Test of 8 subsequent bytes isn't translated into a single compare instruction
Asked Answered
C

3

4

Motivated by this question, I compared three different functions for checking if 8 bytes pointed to by the argument are zeros (note that in the original question, characters are compared with '0', not 0):

bool f1(const char *ptr)
{    
  for (int i = 0; i < 8; i++)
    if (ptr[i])
      return false;
  return true;
}

bool f2(const char *ptr)
{  
  bool res = true;
  for (int i = 0; i < 8; i++)
    res &= (ptr[i] == 0);
  return res;
}

bool f3(const char *ptr)
{  
  static const char tmp[8]{};
  return !std::memcmp(ptr, tmp, 8);
}

Though I would expect the same assembly outcome with enabled optimizations, only the memcmp version was translated into a single cmp instruction on x64. Both f1 and f2 were translated into either a winded or unwinded loop. Moreover, this holds for all GCC, Clang, and Intel compilers with -O3.

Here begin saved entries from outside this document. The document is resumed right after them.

Lemma closure_meets_domain p : exists w, U w /\ in_closure l w p.
Proof.
have [[i0 _] | no_line] := classic (exists i0 : 'I_n, True); last first.
  by have [w Uw] := U_inhabited; exists w; split=> // i; case: no_line; exists i.
have i0_slope : slope (l i0) (la (l i0), lb (l i0)) <> 0.
  by have := nondeg_norm_gt0 (l_nondeg i0); rewrite /slope /=; lra.
have [j0 [t1 [_ [on_j0 p1_p]]]] := first_hit p i0_slope.
set p1 := shift p _ t1 in on_j0 p1_p.
have [[j1 j1_j0] | only_j0] := classic (exists j1, j1 <> j0); last first.
  have [q [Uq on_j0_q]] := l_meets_U j0; exists q; split=> // k.
  have -> : k = j0 by apply: NNPP => k_j0; apply: only_j0; exists k.
  by left.
have j1_slope : slope (l j1) (direction (l j0)) <> 0.
  by rewrite slope_direction; apply: l_cross => j0_j1; apply: j1_j0.
have [j2 [t2 [j2_slope [on_j2 p2_p1]]]] := first_hit p1 j1_slope.
have j0_j2 : j0 <> j2.
  by move=> j02; apply: j2_slope; rewrite -j02 slope_direction /cross; ring.
have on_j0' : aval (l j0) (shift p1 (direction (l j0)) t2) = 0.
  by rewrite aval_shift slope_direction on_j0 /cross; ring.
exists (shift p1 (direction (l j0)) t2); split; last exact: in_closure_trans p2_p1 p1_p.
by rewrite (vertex_unique (l_cross j0_j2) on_j0' on_j2); apply: l_vertex.
Qed.

Lemma realized_domainE v : realized U l v <-> realized plane l v.
Proof.
split=> [[p [_ vp]] | [p [_ vp]]]; first by exists p.
have [w [Uw wp]] := closure_meets_domain p.
have [q [Uq qp]] := near_point_same_signs Uw wp.
by exists q; split=> // i; rewrite qp.
Qed.

End CellsMeetDomain.

Lemma in_disk_open_rays w d : in_disk w -> exists e, 0 < e <= 1 /\ in_disk (shift w d e).
Proof.
case: w d => [x y] [dx dy]; rewrite /in_disk /norm2 /shift /= => w_in.
set del := 1 - (x * x + y * y); set P := x * dx + y * dy.
set C := P * P + 1 + (dx * dx + dy * dy).
have C_ge1 : 1 <= C by have := Rle_0_sqr P; have := Rle_0_sqr dx; have := Rle_0_sqr dy;
  rewrite /Rsqr /C; lra.
set e := del / (2 * C).
have eC : e * (P * P + 1) + e * (dx * dx + dy * dy) = del / 2.
  have -> : del / 2 = e * C by rewrite /e; field; lra.
  by rewrite /C; ring.
have e_gt0 : 0 < e by rewrite /e /del; apply: Rdiv_lt_0_compat; lra.
have dd_ge0 : 0 <= dx * dx + dy * dy.
  by have := Rle_0_sqr dx; have := Rle_0_sqr dy; rewrite /Rsqr; lra.
have e_le : e <= 1 / 2.
  have := Rmult_le_pos _ _ (Rlt_le _ _ e_gt0) (Rle_0_sqr P).
  have := Rmult_le_pos _ _ (Rlt_le _ _ e_gt0) dd_ge0.
  by have := Rle_0_sqr x; have := Rle_0_sqr y; rewrite /Rsqr /del in eC *; lra.
exists e; split; first lra.
have -> : (x + e * dx) * (x + e * dx) + (y + e * dy) * (y + e * dy)
  = x * x + y * y + 2 * e * P + e * e * (dx * dx + dy * dy) by rewrite /P; ring.
(* [2 P <= P^2 + 1] and [e^2 <= e]: the squared norm grows by at most [e C = del / 2]. *)
have : 2 * e * P <= e * (P * P + 1) by have := Rle_0_sqr (P - 1); rewrite /Rsqr; nra.
have : e * e * (dx * dx + dy * dy) <= e * (dx * dx + dy * dy) by nra.
by rewrite /del in eC; lra.
Qed.

Lemma in_disk0 : in_disk (0, 0).
Proof. by rewrite /in_disk /norm2 /=; lra. Qed.

Lemma realized_diskE n (l : 'I_n -> affine) :
  (forall i, meets_disk (l i)) -> (forall i j, i <> j -> cross (l i) (l j) <> 0) ->
  (forall i j, i <> j -> in_disk (vertex (l i) (l j))) ->
  forall v, realized in_disk l v <-> realized plane l v.
Proof.
move=> l_meets l_cross l_vertex v.
have l_nondeg i := meets_disk_nondeg (l_meets i).
apply: (realized_domainE in_disk_open_rays (ex_intro _ _ in_disk0) l_nondeg _
  l_cross l_vertex).
by move=> i; exists (foot (l i)); split; [apply/in_disk_foot | apply: aval_foot].
Qed.

Definition scale_pt (k : R) (p : R * R) : R * R := (k * p.1, k * p.2).
Definition scale_line (K : R) (l : affine) : affine := Affine (la l) (lb l) (lc l / K).

Lemma aval_scale_line K l p : K <> 0 ->
  aval (scale_line K l) p = aval l (scale_pt K p) / K.
Proof. by move=> K_neq0; rewrite /aval /scale_pt /=; field. Qed.

Lemma vertex_scale_line K l m : K <> 0 -> cross l m <> 0 ->
  vertex (scale_line K l) (scale_line K m) = scale_pt (/ K) (vertex l m).
Proof. by rewrite /vertex /scale_pt /cross /= => K_neq0 cr_neq0; congr pair; field. Qed.

Lemma foot_scale_line K l : K <> 0 -> nondeg l ->
  foot (scale_line K l) = scale_pt (/ K) (foot l).
Proof.
move=> K_neq0 /nondeg_norm_gt0 N_gt0.
by rewrite /foot /scale_pt /=; congr pair; field; lra.
Qed.

Lemma in_disk_scale K p : 1 <= K -> norm2 p < K -> in_disk (scale_pt (/ K) p).
Proof.
rewrite /in_disk /norm2 /scale_pt /= => K_ge1 p_lt.
have -> : / K * p.1 * (/ K * p.1) + / K * p.2 * (/ K * p.2)
  = (p.1 * p.1 + p.2 * p.2) / (K * K) by field; lra.
apply: (Rmult_lt_reg_r (K * K)); first nra.
by rewrite /Rdiv Rmult_assoc Rinv_l; nra.
Qed.

Lemma realized_scale_line n (l : 'I_n -> affine) K v : 0 < K ->
  realized plane (fun i => scale_line K (l i)) v <-> realized plane l v.
Proof.
move=> K_gt0; have K_inv_gt0 := Rinv_0_lt_compat _ K_gt0.
split=> [[p [_ vp]] | [p [_ vp]]].
  exists (scale_pt K p); split=> // i.
  by rewrite vp aval_scale_line /Rdiv ?sgnR_mulr //; lra.
exists (scale_pt (/ K) p); split=> // i; rewrite vp aval_scale_line; last lra.
have -> : scale_pt K (scale_pt (/ K) p) = p.
  by case: p {vp} => x y; rewrite /scale_pt /=; congr pair; field; lra.
by rewrite /Rdiv sgnR_mulr.
Qed.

Is there any reason why f1 and f2 cannot be optimized into a single compare instruction? It seem to be a pretty straightforward optimization to me.

Live demo: https://godbolt.org/z/j48366

Charades answered 13/8, 2020 at 9:55 Comment(3)
Clang trunk actually does optimise f2 to the same code as the memcmp, but weirdly no other version doesPhenylketonuria
There's also return ! std::any_of(ptr, ptr+8).Northeasterly
@Northeasterly Same outcome: godbolt.org/z/Gn3xf4.Charades
P
2

First of all, f1 stops reading at the first non-zero byte, so there are cases where it won't fault if you pass it a pointer to a shorter object near the end of a page, and the next page is unmapped. Unconditionally reading 8 bytes can fault in cases where f1 doesn't encounter UB, as @bruno points out. (Is it safe to read past the end of a buffer within the same page on x86 and x64?). The compiler doesn't know that you're never going to use it this way; it has to make code that works for every possible non-UB case for any hypothetical caller.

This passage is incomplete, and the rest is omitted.